Your best shot is probably cldr
, it uses Chrome's language detection library.
library(devtools)
install_github("aykutfirat/cldr")
library(cldr)
docs1 <- c(
"Detects the language of a set of documents with possible input hints. Returns the top 3 candidate languages and their probabilities as well.",
"Som nevnt på møte forrige uke er det ulike ting som skjer denne og neste uke.",
"Ganz besonders wollen wir, dass forthin allenthalben in unseren Städten, Märkten und auf dem Lande zu keinem Bier mehr Stücke als allein Gersten, Hopfen und Wasser verwendet und gebraucht werden sollen.",
"Роман Гёте «Вильгельм Майстер» заложил основы воспитательного романа эпохи Просвещения.")
detectLanguage(docs1)$detectedLanguage
# [1] "ENGLISH" "NORWEGIAN" "GERMAN" "RUSSIAN"
However, your examples seems to be a bit too short.
docs2 <- c("I am a musician", "я инженер", "Je suis un poète")
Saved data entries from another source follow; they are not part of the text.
(* Let $\mathbb F$ be any field. Every regular $m\times n\times q$ spatial matrix $\mathcal A$ over $\mathbb F$ with $n\le 2$ and $q\le 2$ is equivalent to one of the following spatial matrices (given by their horizontal slices): (1) $\|\,[1]\,\|$ ($1\times1\times1$); (2) $\|I_2\|$ ($2\times2\times1$); (3) $\left\|\begin{bmatrix}1\\0\end{bmatrix}\middle|\begin{bmatrix}0\\1\end{bmatrix}\right\|$ ($2\times1\times2$); (4) $\|[1\ 0]\,|\,[0\ 1]\|$ ($1\times2\times2$); (5) $\left\|\begin{bmatrix}1&0\\0&1\\0&0\end{bmatrix}\middle|\begin{bmatrix}0&0\\0&0\\0&1\end{bmatrix}\right\|$ ($3\times2\times2$); (6) $\left\|\begin{bmatrix}1&0\\0&1\\0&0\end{bmatrix}\middle|\begin{bmatrix}0&0\\1&0\\0&1\end{bmatrix}\right\|$ ($3\times2\times2$); (7) $\left\|\begin{bmatrix}1&0\\0&1\\0&0\\0&0\end{bmatrix}\middle|\begin{bmatrix}0&0\\0&0\\1&0\\0&1\end{bmatrix}\right\|$ ($4\times2\times2$); (8) $\mathcal A(v):=\left\|\begin{bmatrix}1&0\\0&1\end{bmatrix}\middle|\begin{bmatrix}0&v\\1&0\end{bmatrix}\right\|$ with $v\in\mathbb F$ ($2\times2\times2$); (9) only when $\operatorname{char}\mathbb F=2$: $\mathcal B(v):=\left\|\begin{bmatrix}1&0\\0&1\end{bmatrix}\middle|\begin{bmatrix}0&v\\1&1\end{bmatrix}\right\|$ with $v\in\mathbb F$ ($2\times2\times2$). These spatial matrices are pairwise inequivalent except for the following cases: - If $\operatorname{char}\mathbb F\ne2$, then $\mathcal A(v)$ is equivalent to each $\mathcal A(v')$ with $v'=vz$ for some nonzero $z\in\{a^2: a\in\mathbb F\}$. - If $\operatorname{char}\mathbb F=2$, then $\mathcal A(v)$ is equivalent to each $\mathcal A(v')$ with $v'=\frac{\alpha v+\beta}{\gamma v+\delta}$, where $\alpha,\beta,\gamma,\delta\in\{a^2:a\in\mathbb F\}$, $\alpha\delta+\beta\gamma\ne0$ and $\gamma v+\delta\ne0$; and $\mathcal B(v)$ is equivalent to each $\mathcal B(v')$ with $v'=v+\beta+\beta^2$ for some $\beta\in\mathbb F$. In particular, if $\mathbb F$ is algebraically closed, then every regular $m\times n\times q$ spatial matrix with $n\le2$ and $q\le2$ is equivalent to exactly one of the spatial matrices (1)–(7), $\mathcal A(0)$, and $\left\|\begin{bmatrix}1&0\\0&0\end{bmatrix}\middle|\begin{bmatrix}0&0\\0&1\end{bmatrix}\right\|$ ($2\times2\times2$).
   Context: An $m\times n\times q$ spatial matrix over $\mathbb F$ is an array $\mathcal A=[a_{ijk}]$ ($1\le i\le m$, $1\le j\le n$, $1\le k\le q$) with entries in $\mathbb F$; it is written as $\|A_1|\dots|A_q\|$ where $A_k=[a_{ijk}]_{ij}$ ($m\times n$) are its horizontal slices. Two $m\times n\times q$ spatial matrices $[a_{ijk}]$ and $[b_{ijk}]$ are equivalent if there are nonsingular matrices $R=[r_{ii'}]$ ($m\times m$), $S=[s_{jj'}]$ ($n\times n$), $T=[t_{kk'}]$ ($q\times q$) with $b_{i'j'k'}=\sum_{i,j,k}a_{ijk}r_{ii'}s_{jj'}t_{kk'}$ for all $i',j',k'$. The spatial matrix $\mathcal A$ is regular if each of the three sets $\{[a_{ijk}]_{ij}:1\le k\le q\}$ (its $m\times n$ slices), $\{[a_{ijk}]_{ik}:1\le j\le n\}$ (its $m\times q$ slices) and $\{[a_{ijk}]_{jk}:1\le i\le m\}$ (its $n\times q$ slices) is linearly independent (as a family of matrices). *)

From HB Require Import structures.
From mathcomp Require Import all_boot all_order all_algebra.
Set Implicit Arguments. Unset Strict Implicit. Unset Printing Implicit Defensive.
Import Order.TTheory GRing.Theory Num.Theory.
Local Open Scope ring_scope.

Definition smat (F : fieldType) (m n q : nat) := 'I_m -> 'I_n -> 'I_q -> F.

Definition sm_equiv (F : fieldType) (m n q : nat) (A B : smat F m n q) : Prop :=
  exists (R : 'M[F]_m) (S : 'M[F]_n) (T : 'M[F]_q),
    [/\ R \in unitmx, S \in unitmx, T \in unitmx &
      forall i' j' k',
        B i' j' k' = \sum_(i < m) \sum_(j < n) \sum_(k < q)
                        A i j k * R i i' * S j j' * T k k'].

(* Linear independence of the three families of slices, written out. *)
Definition sm_regular (F : fieldType) (m n q : nat) (A : smat F m n q) : Prop :=
  [/\
      (forall c : 'I_q -> F,
         (forall i j, \sum_(k < q) c k * A i j k = 0) -> forall k, c k = 0),
      (forall c : 'I_n -> F,
         (forall i k, \sum_(j < n) c j * A i j k = 0) -> forall j, c j = 0) &
      (forall c : 'I_m -> F,
         (forall j k, \sum_(i < m) c i * A i j k = 0) -> forall i, c i = 0)].

(* Names of the canonical spatial matrices: (1)-(7), A(v), B(v), and the
   extra 2x2x2 matrix D := || [1 0;0 0] | [0 0;0 1] || of the last clause. *)
Inductive canon (F : fieldType) : Type :=
| C1 | C2 | C3 | C4 | C5 | C6 | C7
| CA of F | CB of F | CD.

Arguments C1 {F}. Arguments C2 {F}. Arguments C3 {F}. Arguments C4 {F}.
Arguments C5 {F}. Arguments C6 {F}. Arguments C7 {F}. Arguments CD {F}.

Definition cdims (F : fieldType) (c : canon F) : nat * nat * nat :=
  match c with
  | C1 => (1, 1, 1)%N
  | C2 => (2, 2, 1)%N
  | C3 => (2, 1, 2)%N
  | C4 => (1, 2, 2)%N
  | C5 => (3, 2, 2)%N
  | C6 => (3, 2, 2)%N
  | C7 => (4, 2, 2)%N
  | CA _ => (2, 2, 2)%N
  | CB _ => (2, 2, 2)%N
  | CD => (2, 2, 2)%N
  end.

Definition b2F (F : fieldType) (b : bool) : F := if b then 1 else 0.

(* entry a_{ijk} (0-based, i row, j column, k slice) *)
Definition centry (F : fieldType) (c : canon F) (i j k : nat) : F :=
  match c with
  | C1 => b2F F [&& i == 0, j == 0 & k == 0]%N
  | C2 => b2F F (i == j)%N
  | C3 => b2F F (i == k)%N
  | C4 => b2F F (j == k)%N
  | C5 => if k == 0%N then b2F F (i == j)%N else b2F F ((i == 2) && (j == 1))%N
  | C6 => if k == 0%N then b2F F (i == j)%N else b2F F (i == j.+1)%N
  | C7 => if k == 0%N then b2F F (i == j)%N else b2F F (i == j.+2)%N
  | CA v => if k == 0%N then b2F F (i == j)%N
            else if ((i == 0) && (j == 1))%N then v
            else b2F F ((i == 1) && (j == 0))%N
  | CB v => if k == 0%N then b2F F (i == j)%N
            else if ((i == 0) && (j == 1))%N then v
            else b2F F (i == 1)%N
  | CD => if k == 0%N then b2F F ((i == 0) && (j == 0))%N
          else b2F F ((i == 1) && (j == 1))%N
  end.

Definition equiv_to (F : fieldType) (m n q : nat) (A : smat F m n q)
    (c : canon F) : Prop :=
  cdims c = (m, n, q) /\
  sm_equiv A (fun (i : 'I_m) (j : 'I_n) (k : 'I_q) => centry c i j k).

Definition cequiv (F : fieldType) (c c' : canon F) : Prop :=
  let: (m, n, q) := cdims c in
  equiv_to (fun (i : 'I_m) (j : 'I_n) (k : 'I_q) => centry c i j k) c'.

Definition is_square (F : fieldType) (z : F) : Prop := exists a : F, z = a ^+ 2.

Definition in_list (F : fieldType) (c : canon F) : Prop :=
  match c with
  | CB _ => 2%N \in [pchar F]
  | CD => False
  | _ => True
  end.

Definition in_list_ac (F : fieldType) (c : canon F) : Prop :=
  match c with
  | CA v => v = 0
  | CB _ => False
  | _ => True
  end.

Definition exception (F : fieldType) (c c' : canon F) : Prop :=
  match c, c' with
  | CA v, CA v' =>
      (~ (2%N \in [pchar F]) /\
         exists z, [/\ z != 0, is_square z & v' = v * z])
      \/
      (2%N \in [pchar F] /\
         exists al be ga de : F,
           [/\ is_square al, is_square be, is_square ga & is_square de] /\
           [/\ al * de + be * ga != 0, ga * v + de != 0 &
                v' = (al * v + be) / (ga * v + de)])
  | CB v, CB v' =>
      2%N \in [pchar F] /\ exists be : F, v' = v + be + be ^+ 2
  | _, _ => False
  end.

From HB Require Import structures.
From mathcomp Require Import all_boot all_order all_algebra.
From mathcomp Require Import ring.
Set Implicit Arguments. Unset Strict Implicit. Unset Printing Implicit Defensive.
Import GRing.Theory.
Local Open Scope ring_scope.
detectLanguage(docs2)$detectedLanguage
# [1] "Unknown" "Unknown" "Unknown"
As noted by Ben textcat
seems to perform better on the shorter examples given by gulnerman, but unlike cldr
it doesn't indicate how reliable the matches are. This makes it difficult to say how much you can trust the results, even though two out of three were correct in this case.
library(textcat)
textcat(docs2)
# [1] "latin" "russian-iso8859_5" "french"